Fabius I just read your part III, and while I concur with many of your points, I don’t necessarily concur with your conclusions. They are a bit premature for me at this point, but you could very well prove to be right. We are in agreement that our military doesn’t understand 4GW (and 5GW is emerging), and failed to adapt to it, though it has been prevalent since the end of WWII. GEN Shinseki’s philosophy probably accurately reflected the conventional army’s leadership’s, which was we could afford not win in a counterinsurgency, but we could not afford to lose a conventional fight. In many ways I think he is right, as I can’t recall any of our non-wins in the COIN realm doing irreparable damage to our national interests. There were set backs and pride issues, but still no other country was able to impose their will on ours through military force, or the threat of military force, because we had the best conventional force in the world. That is one reason I think he cautioned (along with GEN Powell) not to get involved in insurgencies unless absolutely necessary. He stated that the realm of counter terrorism belonged primarily to law enforcement, intelligence and special operations. The more I reflect on what he said the two times I heard him talk, the more I think he was one of our greatest leaders. Obviously his wisdom didn’t mesh well with the SECDEF.
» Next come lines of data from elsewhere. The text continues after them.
(* Let $\{a_n\}_{n\ge1}$ and $\{b_n\}_{n\ge1}$ be sequences of complex numbers with $a_n\ne0$ for all $n$, and let $w_n(z)$ ($n\ge0$) be the $n$-th approximant of the continued fraction $$\cfrac{a_1}{z+b_1-\cfrac{a_2}{z+b_2-\cfrac{a_3}{z+b_3-\cdots}}},$$ i.e. $w_0=0$ and $w_n(z)=\cfrac{a_1}{z+b_1-\cfrac{a_2}{\ddots-\cfrac{a_n}{z+b_n}}}$. Then: (1) For every $n\ge0$, $w_n(z)$ is a rational function of degree $n$; for $n\ge1$, $w_n(z)\sim\frac{a_1}{z}$ $(z\to\infty)$ and $w_n(z)-w_{n-1}(z)\sim\frac{a_1a_2\cdots a_n}{z^{2n-1}}$ $(z\to\infty)$. In particular $\{w_n(z)-w_{n-1}(z)\}_{n\ge1}$ is an asymptotic sequence at $\infty$. (2) Let $f(z)$ be a complex-valued function defined on an unbounded subset $\mathfrak X$ of $\mathbb C\cup\{\infty\}$. The following are equivalent: (a) $f(z)\sim \cfrac{a_1}{z+b_1-\cfrac{a_2}{z+b_2-\cfrac{a_3}{z+b_3-\cdots}}}$ $(z\to\infty)_{\mathfrak X}$ (asymptotic continued fraction expansion); (b) for every positive integer $n$ one has $f(z)=\cfrac{a_1}{z+b_1-\cfrac{a_2}{\ddots -\cfrac{a_n}{z+b_n-f_n(z)}}}$ for some function $f_n(z)$ with $f_n(z)\sim\frac{a_{n+1}}{z}$ $(z\to\infty)_{\mathfrak X}$; (c) $f(z)-w_n(z)\sim\frac{a_1a_2\cdots a_{n+1}}{z^{2n+1}}$ $(z\to\infty)_{\mathfrak X}$ for all $n\ge0$; (d) $f(z)-w_n(z)=O(z^{-(2n+1)})$ $(z\to\infty)_{\mathfrak X}$ for all $n\ge0$; (e) $f(z)-w_n(z)=O(z^{-(2n+1)})$ $(z\to\infty)_{\mathfrak X}$ for infinitely many $n\ge0$; (f) for every $n\ge0$, $w_n(z)$ is the unique rational function $w(z)\in\mathbb C(z)$ of degree at most $n$ such that $f(z)-w(z)=O(z^{-(2n+1)})$ $(z\to\infty)_{\mathfrak X}$; (g) for every $n\ge1$, $w_n(z)$ is the unique Padé approximant of $f(z)$ over $\mathfrak X$ at $z=\infty$ of order $[n-1,n]$. (3) If the equivalent conditions in (2) hold, then the best rational approximations of $f(z)$ over $\mathfrak X$ are precisely the approximants $w_n(z)$, $n\ge0$.
   Context: All asymptotic relations are as $z\to\infty$ within $\mathfrak X$: $f=O(g)$ if $|f|\le M|g|$ on $U\cap\mathfrak X$ for some punctured neighbourhood $U$ of $\infty$ and some $M>0$; $f=o(g)$ if this holds for every $M>0$; $f\sim g$ if $f-g=o(g)$ and $g-f=o(f)$. A sequence $\{\varphi_n\}$ is an asymptotic sequence if $\varphi_{n+1}=o(\varphi_n)$ for all $n$. Asymptotic continued fraction expansion: $f\sim K$ means $\{w_n-w_{n-1}\}_{n\ge1}$ is an asymptotic sequence and $f-w_n=O(w_{n+1}-w_n)$ for all $n\ge0$ (equivalently $f\sim\sum_{n\ge1}(w_n-w_{n-1})$ as an asymptotic expansion of infinite order). The degree of a rational function is the maximum of the degrees of numerator and denominator in lowest terms. A rational function $w\in\mathbb C(z)$ is a best rational approximation of $f$ over $\mathfrak X$ if $w$ is the unique $v\in\mathbb C(z)$ of degree at most $\deg w$ with $f-v=O(f-w)$ $(z\to\infty)_{\mathfrak X}$. The Padé approximant of $f$ over $\mathfrak X$ at $\infty$ of order $[n-1,n]$ is the unique rational function $g(z)/h(z)$ with $g$ a polynomial of degree $\le n-1$ and $h$ a nonzero polynomial of degree $\le n$ such that $f(z)-g(z)/h(z)=O(z^{-(2n+1)})$ $(z\to\infty)_{\mathfrak X}$. *)

(* complex numbers are R[i] (mathcomp-real-closed) over a
   realType R (mathcomp-analysis reals); rational functions are elements of
   the field of fractions {fraction {poly C}}. *)
From HB Require Import structures.
From mathcomp Require Import all_boot all_order all_algebra.
From mathcomp Require Import fraction reals complex.
From Stdlib Require Import ClassicalEpsilon.
Set Implicit Arguments. Unset Strict Implicit. Unset Printing Implicit Defensive.
Import Order.TTheory GRing.Theory Num.Theory.
Local Open Scope ring_scope.
Lemma lebesgue_measure_ocitv_affine (X : set R) : ocitv X ->
  mu X = (`|c|)%:E * mu (aff @^-1` X).
Proof.
case=> -[a b] _ <-; rewrite lebesgue_measure_itv/=.
have [c_gt0|c_le0] := ltP 0%R c.
  have -> : aff @^-1` `]a, b]%classic = `]((a - d) / c)%R, ((b - d) / c)%R]%classic.
    apply/seteqP; split=> t /=; rewrite /aff !in_itv/= ltr_pdivrMr// ler_pdivlMr//;
      by case/andP=> h1 h2; apply/andP; split; lra.
  rewrite lebesgue_measure_itv/= !lte_fin ltr_pM2r ?invr_gt0// ltrD2r.
  case: ifPn => ab; last by rewrite mule0.
  by rewrite -EFinB -EFinM gtr0_norm//; congr EFin; field; rewrite gt_eqF.
have c_lt0 : (c < 0)%R by rewrite lt_neqAle c_neq0 c_le0.
have -> : aff @^-1` `]a, b]%classic = `[((b - d) / c)%R, ((a - d) / c)%R[%classic.
  apply/seteqP; split=> t /=; rewrite /aff !in_itv/= ler_ndivrMr// ltr_ndivlMr//;
    by case/andP=> h1 h2; apply/andP; split; lra.
rewrite lebesgue_measure_itv/= !lte_fin ltr_nM2r ?invr_lt0// ltrD2r.
case: ifPn => ab; last by rewrite mule0.
by rewrite -EFinB -EFinM ltr0_norm//; congr EFin; field.
Qed.

Lemma pushforward_affine (A : set R) : measurable A ->
  pushforward mu aff A = (`|c|^-1)%:E * mu A.
Proof.
move=> mA; pose k : {nonneg R} := NngNum (normr_ge0 c).
have := @lebesgue_measure_unique R
  (mscale k (pushforward mu (aff : measurableTypeR R -> measurableTypeR R))).
move=> /(_ measurable_affine _ A mA) ->.
  by rewrite /mscale /= muleA -EFinM mulVf ?mul1e// normr_eq0.
by move=> X ocX; rewrite /mscale/= lebesgue_measure_ocitv_affine.
Qed.

Lemma ge0_integral_affine (f : R -> \bar R) : measurable_fun setT f ->
  (forall x, 0 <= f x) ->
  \int[mu]_t f (c * t + d)%R = (`|c|^-1)%:E * \int[mu]_u f u.
Proof.
move=> mf f_ge0; have k_ge0 : (0 <= `|c|^-1)%R by rewrite invr_ge0.
pose k : {nonneg R} := NngNum k_ge0.
transitivity (\int[mscale k mu]_u f u); last by rewrite ge0_integral_mscale.
transitivity (\int[mu]_(t in aff @^-1` setT) (f \o aff) t).
  by rewrite preimage_setT.
rewrite -(@ge0_integral_pushforward _ _ (measurableTypeR R) (measurableTypeR R) _ aff
  measurable_affine) //.
(* the measure structure of [pushforward mu aff] takes the measurability
   of [aff] as an argument, which surfaces here as a goal *)
apply: eq_measure_integral => [|maff A mA _]; first exact: measurable_affine.
exact: pushforward_affine.
Qed.

End affine_change_of_variables.

Lemma lebesgue_integral_cst_gt0 (R : realType) (C : \bar R) : 0 < C ->
  \int[@lebesgue_measure R]_t C = +oo.
Proof.
move=> C_gt0; rewrite integral_cst //.
by move: (lebesgue_measureT R) => /= ->; rewrite muleC gt0_mulye.
Qed.

Section iterated_integral.
Context {R : realType}.
Local Notation mu := (@lebesgue_measure R).
Local Notation RR := (measurableTypeR R).

(* [jointly_measurable h] says that [(x, y_1, ..., y_n) |-> h x y] is
   measurable; the coordinates of [y] are moved one at a time into the
   parameter, in the order in which [lebesgue_int_Rn] integrates them. *)
Fixpoint jointly_measurable (n : nat) :
    forall d (X : measurableType d), (X -> 'rV[R]_n -> \bar R) -> Prop :=
  match n with
  | 0 => fun d X h => measurable_fun setT (fun x => h x 0%R)
  | n'.+1 => fun d X h => @jointly_measurable n' _ (X * RR)%type
      (fun xt y => h xt.1 (row_mx (const_mx (xt.2 : R) : 'rV[R]_1) y))
  end.
Arguments jointly_measurable {n d X}.

Lemma jointly_measurable_slice n d (X : measurableType d)
    (h : X -> 'rV[R]_n.+1 -> \bar R) :
  jointly_measurable h ->
  jointly_measurable (fun (xt : X * RR) z =>
    h xt.1 (row_mx (const_mx (xt.2 : R) : 'rV[R]_1) z)).
Proof. by []. Qed.

Lemma lebesgue_int_Rn_ge0 n (g : 'rV[R]_n -> \bar R) :
  (forall y, 0 <= g y) -> 0 <= lebesgue_int_Rn g.
Proof.
elim: n g => [|n IH] g g_ge0 /=; first exact: g_ge0.
by apply: integral_ge0 => t _; apply: IH => y; exact: g_ge0.
Qed.

Lemma measurable_lebesgue_int_Rn n d (X : measurableType d)
    (h : X -> 'rV[R]_n -> \bar R) :
  jointly_measurable h -> (forall x y, 0 <= h x y) ->
  measurable_fun setT (fun x => lebesgue_int_Rn (h x)).
Proof.
elim: n d X h => [//|n IH] d X h mh h_ge0 /=.
have mF := IH _ _ _ mh (fun _ _ => h_ge0 _ _).
apply: (measurable_fun_fubini_tonelli_F (m2 := mu) _ mF) => xt.
by apply: lebesgue_int_Rn_ge0 => y; exact: h_ge0.
Qed.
A couple years back I read that that our current CoS of the Army, GEN Schoomaker commented that we somehow have became the British Redcoats. I can only assume he was making reference to our current crop of officers who blindly embrace doctrine, have alienated the local population with our conventional tactics, and have almost formed our Army into a caste system where we have developed an unfounded arrogance in our officer corps. A corps that simply out of touch with reality.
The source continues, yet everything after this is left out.